Lemma trunc_norm_telescope n k K : (n <= k)%N ->
  trunc_norm p K (fun i => E k i - E n i) <= S k - S n.
Proof.
have self j : trunc_norm p K (fun i => E j i - E j i) <= S j - S j.
  rewrite subrr; apply: le_trans (trunc_norm_le_const p_ge1 _ _ _ (lexx 0) _) _.
    by move=> i _; rewrite subrr normr0.
  by rewrite mul0r.
elim: k => [|k IH]; first by rewrite leqn0 => /eqP ->.
rewrite leq_eqVlt ltnS => /orP[/eqP -> // | nk].
have -> : (fun i => E k.+1 i - E n i) = (fun i => (E k.+1 i - E k i) + (E k i - E n i)).
  by apply/funext => i; rewrite addrA subrK.
apply: le_trans (trunc_normD_le p_ge1 _ _ _) _.
have -> : S k.+1 - S n = d k + (S k - S n) by rewrite /S big_nat_recr //=; ring.
exact: lerD (E_incr k K) (IH nk).
Qed.

Let E_coord_le n k i : (n <= k)%N -> `|E k i - E n i| <= S k - S n.
Proof.
move=> nk; apply: le_trans (trunc_norm_telescope _ _ i.+1 nk).
exact: normr_le_trunc_norm.
Qed.

(* [E k i + S k] is nondecreasing and bounded in [k], hence convergent;
   subtracting [S k] yields the coordinatewise limit. *)
Let y i := sup (range (fun k => E k i + S k)) - L.

Let E_coord_cvg i : (fun k => E k i) @ \oo --> y i.
Proof.
have u_nd : nondecreasing_seq (fun k => E k i + S k).
  apply/nondecreasing_seqP => k; have := E_coord_le _ _ i (leqnSn k).
  rewrite ler_norml => /andP[+ _]; lra.
have u_ub : has_ubound (range (fun k => E k i + S k)).
  exists (E 0%N i + L + L) => _ [k _ <-]; have := E_coord_le _ _ i (leq0n k).
  rewrite ler_norml => /andP[_ +]; have := S_le_L k; have : 0 <= S 0%N.
    by rewrite /S big_nil.
  lra.
have -> : (fun k => E k i) = (fun k => E k i + S k) - S.
  by apply/funext => k; rewrite /= addrK.
by apply: cvgB => //; exact: nondecreasing_cvgn.
Qed.

Let tail_bound n K : trunc_norm p K (fun i => E n i - y i) <= L - S n.
Proof.
pose c1 := vnorm p (const_mx 1 : 'cV[R]_K).
pose g k := \sum_(i < K) `|E k i - y i|.
have g0 : g @ \oo --> 0.
  have -> : 0 = \sum_(i < K) (0 : R) by rewrite big1.
  apply: cvg_big => [|i _]; first exact: add_continuous.
  have : (fun k => `|E k i - y i|) @ \oo --> `|y i - y i|.
    by apply: cvg_norm; apply: cvgB => //; exact: cvg_cst.
  by rewrite subrr normr0.
have split_k k : (n <= k)%N -> trunc_norm p K (fun i => E n i - y i) <= (L - S n) + g k * c1.
  move=> nk.
  have -> : (fun i => E n i - y i) = (fun i => (E n i - E k i) + (E k i - y i)).
    by apply/funext => i; rewrite addrA subrK.
  apply: le_trans (trunc_normD_le p_ge1 _ _ _) _; apply: lerD.
    rewrite trunc_norm_distrC //; apply: le_trans (trunc_norm_telescope _ _ K nk) _.
    by rewrite lerD2r.
  apply: (trunc_norm_le_const p_ge1); first exact: sumr_ge0.
  move=> i iK.
  by rewrite /g (bigD1 (Ordinal iK)) //= lerDl sumr_ge0.
have : (fun k => (L - S n) + g k * c1) @ \oo --> (L - S n) + 0 * c1.
  by apply: cvgD; [exact: cvg_cst | exact: cvgMr_tmp].
rewrite mul0r addr0 => /cvgr_to_ge; apply.
by near=> k; apply: split_k; near: k; exact: nbhs_infty_ge.
Unshelve. all: by end_near.
Qed.

Lemma summable_increments_lp_cvg : exists y : nat -> R, (lpnorm p y < +oo)%E /\
  ((fun n => lpnorm p (fun i => E n i - y i)) @ \oo --> 0%E).
Proof.
have S0 : S 0%N = 0 by rewrite /S big_nil.
exists y; split.
  have LC0 : 0 <= L + C0.
    apply: addr_ge0; first by rewrite -S0 S_le_L.
    exact: le_trans (vnorm_ge0 p_ge1 _) (E0_le 0).
  apply: le_lt_trans (ltry (L + C0)); apply: (lpnorm_le p_ge1) => // K.
  have -> : y = (fun i => (y i - E 0%N i) + E 0%N i) by apply/funext => i; rewrite subrK.
  apply: le_trans (trunc_normD_le p_ge1 _ _ _) _; apply: lerD => //.
  by rewrite trunc_norm_distrC // -[L]subr0 -S0 tail_bound.
apply: (@squeeze_cvge _ _ _ _ (fun=> 0%E) _ (fun n => (L - S n)%:E)).
- apply: nearW => n; rewrite lpnorm_ge0 /=.
  by apply: (lpnorm_le p_ge1); [rewrite subr_ge0 | exact: tail_bound].
- exact: cvg_cst.
apply: cvg_EFin; first exact: nearW.
have : (fun n => L - S n) @ \oo --> L - L.
  by apply: cvgB; [exact: cvg_cst | exact: nondecreasing_cvgn].
by rewrite subrr.
Qed.

End summable_increments.

Section relu_network.
Context {R : realType}.

Lemma relu_sub_le (a c : R) : 0 <= a -> `|Num.max (a + c) 0 - a| <= `|c|.
Proof.
move=> a0; case: (boolP (0 <= a + c)) => [ac0|]; first by rewrite max_l // addrC addKr.
by rewrite -ltNge => ac0; rewrite max_r ?ltW // sub0r normrN ger0_norm // ler0_norm; lra.
Qed.

Lemma extend_Imat_mulmx {m' m} (v : 'cV[R]_m) : (m <= m')%N ->
  extend (Imat m' m *m v) =1 extend v.
Proof.
move=> mm' j; have [jm'|m'j] := ltnP j m'; last first.
  by rewrite !extend_ge // (leq_trans mm' m'j).
rewrite extend_lt mxE; have [jm|mj] := ltnP j m.
  rewrite extend_lt (bigD1 (Ordinal jm)) //= big1 ?addr0; first by rewrite mxE eqxx mul1r.
  move=> l; rewrite mxE -(inj_eq val_inj) /= eq_sym => /negbTE->.
  by rewrite mul0r.
rewrite extend_ge // big1 // => l _; rewrite mxE /=.
by rewrite gtn_eqF ?mul0r // (leq_trans (ltn_ord l)).
Qed.

Lemma Imat_mulmx_ge0 {m' m} (v : 'cV[R]_m) : (forall i, 0 <= v i 0) ->
  forall i, 0 <= (Imat m' m *m v) i 0.
Proof. by move=> v0 i; rewrite mxE sumr_ge0 // => j _; rewrite mxE mulr_ge0. Qed.

Context {p : \bar R} {m : nat -> nat} {W P : forall n, 'M[R]_(m n.+1, m n)}
  {b : forall n, 'cV[R]_(m n.+1)} {x : 'cV[R]_(m 0%N)}.
Hypothesis p_ge1 : (1 <= p)%E.
Hypothesis m_mono : forall n, (m n <= m n.+1)%N.
Hypothesis W_def : forall n, W n = Imat (m n.+1) (m n) + P n.
Hypothesis x_ge0 : forall i, 0 <= x i 0.

Local Notation N := (network W b x).

Lemma network_ge0 n i : 0 <= N n i 0.
Proof. by case: n i => [|n] i; rewrite ?x_ge0 //= mxE le_max lexx orbT. Qed.

Lemma vnorm_layer_increment_le n :
  vnorm p (N n.+1 - Imat (m n.+1) (m n) *m N n) <=
  opnorm p (P n) * vnorm p (N n) + vnorm p (b n).
Proof.
apply: (@le_trans _ _ (vnorm p (P n *m N n + b n))).
  apply: (vnorm_le p_ge1) => i; rewrite /= W_def mulmxDl -addrA !mxE.
  apply: relu_sub_le.
  by have := Imat_mulmx_ge0 (m' := m n.+1) _ (network_ge0 n) i; rewrite !mxE.
apply: le_trans (vnormD_le p_ge1 _ _) _.
by rewrite lerD2r vnorm_mulmx_le.
Qed.

Lemma trunc_norm_network_increment_le n K :
  trunc_norm p K (fun i => extend (N n.+1) i - extend (N n) i) <=
  opnorm p (P n) * vnorm p (N n) + vnorm p (b n).
Proof.
apply: le_trans (vnorm_layer_increment_le n).
have -> : (fun i => extend (N n.+1) i - extend (N n) i) =
    extend (N n.+1 - Imat (m n.+1) (m n) *m N n).
  by apply/funext => i; rewrite extendB extend_Imat_mulmx.
exact: trunc_norm_extend_le.
Qed.

Lemma vnorm_network_succ_le n :
  vnorm p (N n.+1) <= (1 + opnorm p (P n)) * vnorm p (N n) + vnorm p (b n).
Proof.
have -> : N n.+1 = Imat (m n.+1) (m n) *m N n + (N n.+1 - Imat (m n.+1) (m n) *m N n).
  by rewrite addrC subrK.
apply: le_trans (vnormD_le p_ge1 _ _) _.
rewrite (vnorm_extend p_ge1 _ _ (extend_Imat_mulmx _ (m_mono n))).
by have := vnorm_layer_increment_le n; rewrite mulrDl mul1r; lra.
Qed.

Lemma vnorm_network_le {CP Cb} :
  (forall n, \sum_(0 <= k < n) opnorm p (P k) <= CP) ->
  (forall n, \sum_(0 <= k < n) vnorm p (b k) <= Cb) ->
  forall n, vnorm p (N n) <= (vnorm p x + Cb) * expR CP.
Proof.
move=> CP_ub Cb_ub n; apply: le_trans (discrete_gronwall (fun k => vnorm p (N k))
  (fun k => opnorm p (P k)) (fun k => vnorm p (b k)) _ _ _ _ n) _.
- exact: vnorm_ge0.
- by move=> k; exact: opnorm_ge0.
- by move=> k; exact: vnorm_ge0.
- exact: vnorm_network_succ_le.
apply: ler_pM; rewrite ?expR_ge0 ?ler_expR ?lerD2l //.
by rewrite addr_ge0 ?vnorm_ge0 // sumr_ge0 // => k _; rewrite vnorm_ge0.
Qed.

End relu_network.

Theorem theorem5p2 (R : realType) (p : \bar R) (m : nat -> nat)
  (W : forall n, 'M[R]_(m n.+1, m n)) (b : forall n, 'cV[R]_(m n.+1))
  (P : forall n, 'M[R]_(m n.+1, m n)) :
  (1 <= p)%E ->
  (forall n, (0 < m n.+1)%N) ->
  (forall n, (m n <= m n.+1)%N) ->
  (forall n, W n = Imat (m n.+1) (m n) + P n) ->
  (\sum_(0 <= n <oo) ((opnorm p (P n))%:E) < +oo)%E ->
  (\sum_(0 <= n <oo) ((vnorm p (b n))%:E) < +oo)%E ->
  forall x : 'cV[R]_(m 0%N), (forall i, 0 <= x i 0 <= 1) ->
  exists y : nat -> R, (lpnorm p y < +oo)%E /\
    ((fun n => lpnorm p (fun i => extend (network W b x n) i - y i)) @ \oo
       --> 0%E).
Proof.
move=> p_ge1 _ m_mono W_def P_sum b_sum x x01.
have x_ge0 i : 0 <= x i 0 by case/andP: (x01 i).
have [CP CP_ub] := lty_nneseries_bounded _ (fun n => opnorm_ge0 p_ge1 (P n)) P_sum.
have [Cb Cb_ub] := lty_nneseries_bounded _ (fun n => vnorm_ge0 p_ge1 (b n)) b_sum.
have [M M0 N_le] : exists2 M, 0 <= M & forall n, vnorm p (network W b x n) <= M.
  have N_le := vnorm_network_le p_ge1 m_mono W_def x_ge0 CP_ub Cb_ub.
  by exists ((vnorm p x + Cb) * expR CP) => //; exact: le_trans (vnorm_ge0 p_ge1 _) (N_le 0%N).
apply: (summable_increments_lp_cvg p_ge1 _ (fun n => opnorm p (P n) * M + vnorm p (b n))
  (vnorm p x) (CP * M + Cb)) => [n | n | K | n K].
- by rewrite addr_ge0 ?mulr_ge0 ?vnorm_ge0 ?opnorm_ge0.
- by rewrite big_split /= -mulr_suml lerD ?ler_wpM2r.
- exact: trunc_norm_extend_le.
apply: le_trans (trunc_norm_network_increment_le p_ge1 m_mono W_def x_ge0 n K) _.
by rewrite lerD2r ler_wpM2l ?opnorm_ge0.
Qed.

···

Count each line of the material that includes the string "lexx", then give only the total.

▸ **RESULT BELOW**
2